Our histograms were constructed with $N_{bins}=100$. We anticipate that ${\rho }_{\mathrm{numerical}}\left(\lambda \right)$ should approach $\rho \left(\lambda \right)$ according to Equation (9) as $T\to \infty$ (in the paramagnetic phase). In this situation, ${〈{\lambda }^k〉}_{\mathrm{numerical}}$ should closely align with the theoretical value:

$$〈{\lambda }^k〉=\underset{-\infty }{\overset{\infty }{\int }}{\lambda }^k\rho \left(\lambda \right)d\lambda =\sum _{j=0}^{k-1}\frac{{\left(\frac{N_{sample}}{N_{MC}}\right)}^j}{j+1}\left(\genfrac{}{}{0pt}{}{k}{j}\right)\left(\genfrac{}{}{0pt}{}{k-1}{j}\right).$$

(11)

where this relation is deduced by expanding the binomials and utilizing the well-known Vandermonde identity: ${\sum }_{l=0}^r\left(\genfrac{}{}{0pt}{}{m}{l}\right)\left(\genfrac{}{}{0pt}{}{n}{r-l}\right)=\left(\genfrac{}{}{0pt}{}{m+n}{r}\right)$. For $k=1$, $〈\lambda 〉=1$, and we expect ${〈\lambda 〉}_{\mathrm{numerical}}$$\approx 1$ as $T\to \infty$. On the other hand, the second moment:

$$〈{\lambda }^2〉=\sum _{j=0}^1\frac{{\left(\frac{N_{sample}}{N_{MC}}\right)}^j}{j+1}\left(\genfrac{}{}{0pt}{}{2}{j}\right)\left(\genfrac{}{}{0pt}{}{1}{j}\right)=1+\left(\frac{N_{sample}}{N_{MC}}\right).$$

Hence, we find that $〈{\lambda }^2〉-{〈\lambda 〉}^2$ equals $\frac{N_{sample}}{N_{MC}}$. In our current scenario, $〈{\lambda }^2〉-{〈\lambda 〉}^2$ equals $\frac{1}{3}$, and we, therefore, anticipate this value numerically as T approaches infinity.

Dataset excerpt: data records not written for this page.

(* Let $(S,d)$ be a stable metric space. Suppose that for every $r\in L^0_{++}$ there exist $s_r\in L^0_{++}$, a stable metric space $(S_r,d_r)$ (a stable subset of some stable $L^0$-module $E_r$), and a stable function $f_r:S\to S_r$ such that $f_r(S)$ is stable totally bounded and, for all $x,y\in S$, $d_r(f_r(x),f_r(y))\le s_r$ implies $d(x,y)\le r$. Then $S$ is stable totally bounded.
   Context: $L^0$: real measurable functions on a probability space modulo a.e. equality, a.e. order, $L^0_+=\{r\ge0\}$, $L^0_{++}=\{r>0\text{ a.e.}\}$. An $L^0$-module is stable if for each countable measurable partition $(A_k)$ and $(x_k)$ there is a unique $x=\sum_k1_{A_k}x_k$ with $1_{A_k}x=1_{A_k}x_k$; a nonempty subset closed under such concatenations is stable; a map $f$ is stable if $f(\sum_k1_{A_k}x_k)=\sum_k1_{A_k}f(x_k)$. $\mathrm{st}(X)$ is the set of all concatenations of elements of $X$. A subset $N$ of a stable set $S$ is stable finite if $N=\{\sum_k1_{A_k}y_k:y_k\in\mathrm{st}(X_k)\}$ for a countable measurable partition $(A_k)$ and finite nonempty $X_k\subset S$. A stable metric space is a stable set $S$ with a stable map $d:S\times S\to L^0_+$ satisfying $d(x,y)=0\iff x=y$, symmetry, triangle inequality; $B_r(x)=\{y:d(x,y)<r\}$. $S$ is stable totally bounded if for every $r\in L^0_{++}$ there is a stable finite $N\subset S$ with $S=\bigcup_{x\in N}B_r(x)$. *)

From Stdlib Require Import Reals List ClassicalEpsilon.
Open Scope R_scope.
Set Implicit Arguments.

Record ProbSpace := {
  Omega : Type;
  meas : (Omega -> Prop) -> Prop;
  prob : (Omega -> Prop) -> R;
  meas_full : meas (fun _ => True);
  meas_compl : forall A, meas A -> meas (fun w => ~ A w);
  meas_cunion : forall A : nat -> Omega -> Prop,
      (forall n, meas (A n)) -> meas (fun w => exists n, A n w);
  prob_nonneg : forall A, meas A -> 0 <= prob A;
  prob_full : prob (fun _ => True) = 1;
  prob_cadd : forall A : nat -> Omega -> Prop,
      (forall n, meas (A n)) ->
      (forall i j w, A i w -> A j w -> i = j) ->
      infinite_sum (fun n => prob (A n)) (prob (fun w => exists n, A n w))
}.

Section L0.
Variable Ps : ProbSpace.
Local Notation Om := (Omega Ps).

Definition ae (p : Om -> Prop) : Prop :=
  exists N, meas Ps N /\ prob Ps N = 0 /\ forall w, ~ N w -> p w.

(** measurable real functions: representatives of elements of L^0 *)
Definition measurable (f : Om -> R) : Prop :=
  forall a, meas Ps (fun w => f w < a).

Definition L0pp (r : Om -> R) : Prop := measurable r /\ ae (fun w => 0 < r w).

Definition ind (A : Om -> Prop) : Om -> R :=
  fun w => if excluded_middle_informative (A w) then 1 else 0.

(** countable measurable partitions (finite ones allowed via empty pieces) *)
Definition partition (A : nat -> Om -> Prop) : Prop :=
  (forall k, meas Ps (A k)) /\
  (forall w, exists k, A k w) /\
  (forall i j w, A i w -> A j w -> i = j).

(** L^0-modules: scalars are measurable functions, and a.e.-equal scalars act
    identically, i.e. a module over the quotient ring L^0. *)
Record L0Module (E : Type) := {
  madd : E -> E -> E;
  mzero : E;
  mopp : E -> E;
  smul : (Om -> R) -> E -> E;
  madd_assoc : forall x y z, madd x (madd y z) = madd (madd x y) z;
  madd_comm : forall x y, madd x y = madd y x;
  madd_0 : forall x, madd x mzero = x;
  madd_opp : forall x, madd x (mopp x) = mzero;
  smul_ae : forall a b x, measurable a -> measurable b ->
      ae (fun w => a w = b w) -> smul a x = smul b x;
  smul_1 : forall x, smul (fun _ => 1) x = x;
  smul_mul : forall a b x, measurable a -> measurable b ->
      smul (fun w => a w * b w) x = smul a (smul b x);
  smul_addl : forall a b x, measurable a -> measurable b ->
      smul (fun w => a w + b w) x = madd (smul a x) (smul b x);
  smul_addr : forall a x y, measurable a ->
      smul a (madd x y) = madd (smul a x) (smul a y)
}.

Variables (E : Type) (M : L0Module E).

(** x = sum_k 1_{A_k} x_k *)
Definition is_concat (A : nat -> Om -> Prop) (xs : nat -> E) (x : E) : Prop :=
  forall k, smul M (ind (A k)) x = smul M (ind (A k)) (xs k).

Definition stable_module : Prop :=
  forall A xs, partition A ->
    exists x, is_concat A xs x /\ forall y, is_concat A xs y -> y = x.

Definition stable_set (S : E -> Prop) : Prop :=
  (exists x, S x) /\
  forall A xs x, partition A -> (forall k, S (xs k)) -> is_concat A xs x -> S x.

However, for $T\approx T_C$ or $T<T_C$, the results warrant closer examination. We are now presenting, as a revised version, the results regarding fluctuations in the Ising model, both in the two-dimensional and mean-field approximations, as functions of temperature, employing the parameters described above, as detailed in [8,9]. Figure 1 vividly illustrates that fluctuations exhibit a distinctive response concerning critical phenomena in the Ising model. This phenomenon holds true irrespective of whether we are considering Monte Carlo simulations in the two-dimensional Ising model or its mean-field approximation.

We can clearly discern a minimum point in the behavior of $〈\lambda 〉$ and an inflection point in $〈{\lambda }^2〉-{〈\lambda 〉}^2$ occurring precisely at $T=T_C$. As discussed in detail in [8,9], this phenomenon is closely tied to the emergence of a gap when $T<T_C$, which subsequently closes as T approaches $T_C$. For a more-comprehensive understanding, please refer to [8,9]. It is worth noting that ${〈\lambda 〉}_{\mathrm{numerical}}$ approximates to 1 for large values of T.

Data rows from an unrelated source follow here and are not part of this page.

Lemma chained_closure p q : chained p q -> K p /\ K q.
Proof.
  intro Hpq. split; apply K_closed; intros r Hr;
    destruct (Hpq r Hr) as [n [f [[HK _] [Hp Hq]]]].
  - exists (f 0%nat). split; [exact (HK 0%nat ltac:(lia)) | now rewrite dist_sym].
  - exists (f n). split; [exact (HK n ltac:(lia)) | now rewrite dist_sym].
Qed.

Lemma chained_fine p q h : chained p q -> 0 < h ->
  exists n f, descent_chain h n f /\ d (f 0%nat) p < h /\ d (f n) q < h /\
    Rabs (v (f 0%nat) - v p) < h /\ Rabs (v (f n) - v q) < h.
Proof.
  intros Hpq Hh. destruct (chained_closure p q Hpq) as [Kp Kq].
  destruct (v_cont_sym p h Kp Hh) as [dp [Hdp Hcp]].
  destruct (v_cont_sym q h Kq Hh) as [dq [Hdq Hcq]].
  set (h' := Rmin h (Rmin dp dq)).
  assert (Hh' : 0 < h' /\ h' <= h /\ h' <= dp /\ h' <= dq).
  { unfold h'. pose proof (Rmin_l h (Rmin dp dq)). pose proof (Rmin_r h (Rmin dp dq)).
    pose proof (Rmin_l dp dq). pose proof (Rmin_r dp dq).
    repeat split; try lra. repeat apply Rmin_pos; lra. }
  destruct (Hpq h' (proj1 Hh')) as [n [f [Hch [H0 Hn]]]].
  pose proof (proj1 Hch) as HK. exists n, f.
  split; [exact (descent_chain_weaken h' h n f ltac:(lra) Hch)|].
  split; [lra|]. split; [lra|]. split.
  - apply Hcp; [exact (HK 0%nat ltac:(lia)) | lra].
  - apply Hcq; [exact (HK n ltac:(lia)) | lra].
Qed.

Lemma chained_dist p q : chained p q -> c * d p q <= v p - v q.
Proof.
  intro Hpq. apply Rle_plus_epsilon. intros e He.
  destruct (chained_fine p q (e / 4) Hpq ltac:(lra)) as [n [f [Hch [H0 [Hn [Hv0 Hvn]]]]]].
  pose proof (descent_chain_dist _ _ _ Hch).
  apply Rabs_def2 in Hv0. apply Rabs_def2 in Hvn.
  pose proof (dist_triangle p (f 0%nat) q). pose proof (dist_triangle (f 0%nat) (f n) q).
  rewrite (dist_sym p (f 0%nat)) in *. assert (d p q <= e / 2 + d (f 0%nat) (f n)) by lra.
  nra.
Qed.

Lemma chained_le p q : chained p q -> v q <= v p.
Proof. intro Hpq. pose proof (chained_dist p q Hpq). pose proof (dist_ge0 p q). nra. Qed.

Lemma chain_through_level p q lam h : chained p q -> v q <= lam <= v p -> 0 < h ->
  exists n f i, descent_chain h n f /\ d (f 0%nat) p < h /\ d (f n) q < h /\
    (i <= n)%nat /\ Rabs (v (f i) - lam) <= h.
Proof.
  intros Hpq Hlam Hh.
  destruct (chained_fine p q h Hpq Hh) as [n [f [Hch [H0 [Hn [Hv0 Hvn]]]]]].
  apply Rabs_def2 in Hv0. apply Rabs_def2 in Hvn.
  exists n, f. enough (exists i, (i <= n)%nat /\ Rabs (v (f i) - lam) <= h)
    as [i Hi] by (exists i; tauto).
  destruct (Rlt_dec (v (f 0%nat)) lam).
  { exists 0%nat. split; [lia|]. rewrite Rabs_left; lra. }
  destruct (Rlt_dec lam (v (f n))).
  { exists n. split; [lia|]. rewrite Rabs_right; lra. }
  apply (discrete_ivt (fun i => v (f i))); [lra| |lra].
  intros i Hi. destruct (proj2 Hch i Hi) as [_ [Hc Hh']].
  pose proof (dist_ge0 (f i) (f (S i))). split; nra.
Qed.

Lemma chained_split p q lam : chained p q -> v q <= lam <= v p ->
  exists m, v m = lam /\ chained p m /\ chained m q.
Proof.
  intros Hpq Hlam.
  set (P := fun k y => exists n f i, descent_chain (/ INR (S k)) n f /\
    d (f 0%nat) p < / INR (S k) /\ d (f n) q < / INR (S k) /\ (i <= n)%nat /\ y = f i /\
    Rabs (v y - lam) <= / INR (S k)).
  destruct (closed_cluster_point X d d_metric d_compact K P K_closed) as [m [Km Hm]].
  { intro k. destruct (chain_through_level p q lam _ Hpq Hlam (inv_INR_S_pos k))
      as [n [f [i [Hch [H0 [Hn [Hi Hv]]]]]]].
    exists (f i). split; [exact (proj1 Hch i Hi)|]. exists n, f, i. tauto. }
  exists m. split; [|split].
  - apply cond_eq. intros e He.
    destruct (v_cont_sym m (e / 2) Km ltac:(lra)) as [dl [Hdl Hcont]].
    destruct (inv_INR_S_eventually_lt (e / 2) ltac:(lra)) as [N HN].
    destruct (Hm dl Hdl N) as [k [y [Hk [Ky [[n [f [i [_ [_ [_ [_ [_ Hv]]]]]]]] Hd]]]]].
    specialize (Hcont y Ky Hd). specialize (HN k Hk).
    apply Rabs_def2 in Hcont. apply Rabs_le_between in Hv. apply Rabs_def1; lra.
  - intros h Hh. destruct (inv_INR_S_eventually_lt h Hh) as [N HN].
    destruct (Hm h Hh N) as [k [y [Hk [_ [[n [f [i [Hch [H0 [_ [Hi [-> _]]]]]]]] Hd]]]]].
    specialize (HN k Hk). exists i, f. split; [|split; auto; lra].
    apply descent_chain_weaken with (/ INR (S k)); [lra|].
    now apply descent_chain_prefix with n.
  - intros h Hh. destruct (inv_INR_S_eventually_lt h Hh) as [N HN].
    destruct (Hm h Hh N) as [k [y [Hk [_ [[n [f [i [Hch [_ [Hn [Hi [-> _]]]]]]]] Hd]]]]].
    specialize (HN k Hk). exists (n - i)%nat, (fun j => f (i + j)%nat). split; [|split].
    + apply descent_chain_weaken with (/ INR (S k)); [lra|].
      now apply descent_chain_suffix.
    + now rewrite Nat.add_0_r.
    + replace (i + (n - i))%nat with n by lia. lra.
Qed.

However, an intriguing question arises: How do $〈\lambda 〉$ and $〈{\lambda }^2〉-{〈\lambda 〉}^2$ behave when considering iterations of the Chirikov map instead of time series data from spin systems? In the following section, we present the key findings of this study.

3. Main Results

We conducted iterations of the Chirikov map, mirroring the approach employed in our study of the Ising model. In this case, we obtained matrix elements $m_{ij}$, which can now represent $q_{ij}$ (iterations for position coordinates) or $p_{ij}$ (iterations for moments). Here, $i=1,\dots ,N_{MC}=200$ iteration steps (It is worth noting that, in keeping with our established notation convention, we employed $N_{MC}$ to denote the number of map iterations. The abbreviation MC is derived from our previous example involving Monte Carlo simulations for the Ising model,) and j ranges from 1 to $N_{sample}=100$ different series. To initiate this process, we initialized random values for $q_0$ within the range $[0,2\pi ]$ and $p_0$ within the range $[0,2\pi ]$.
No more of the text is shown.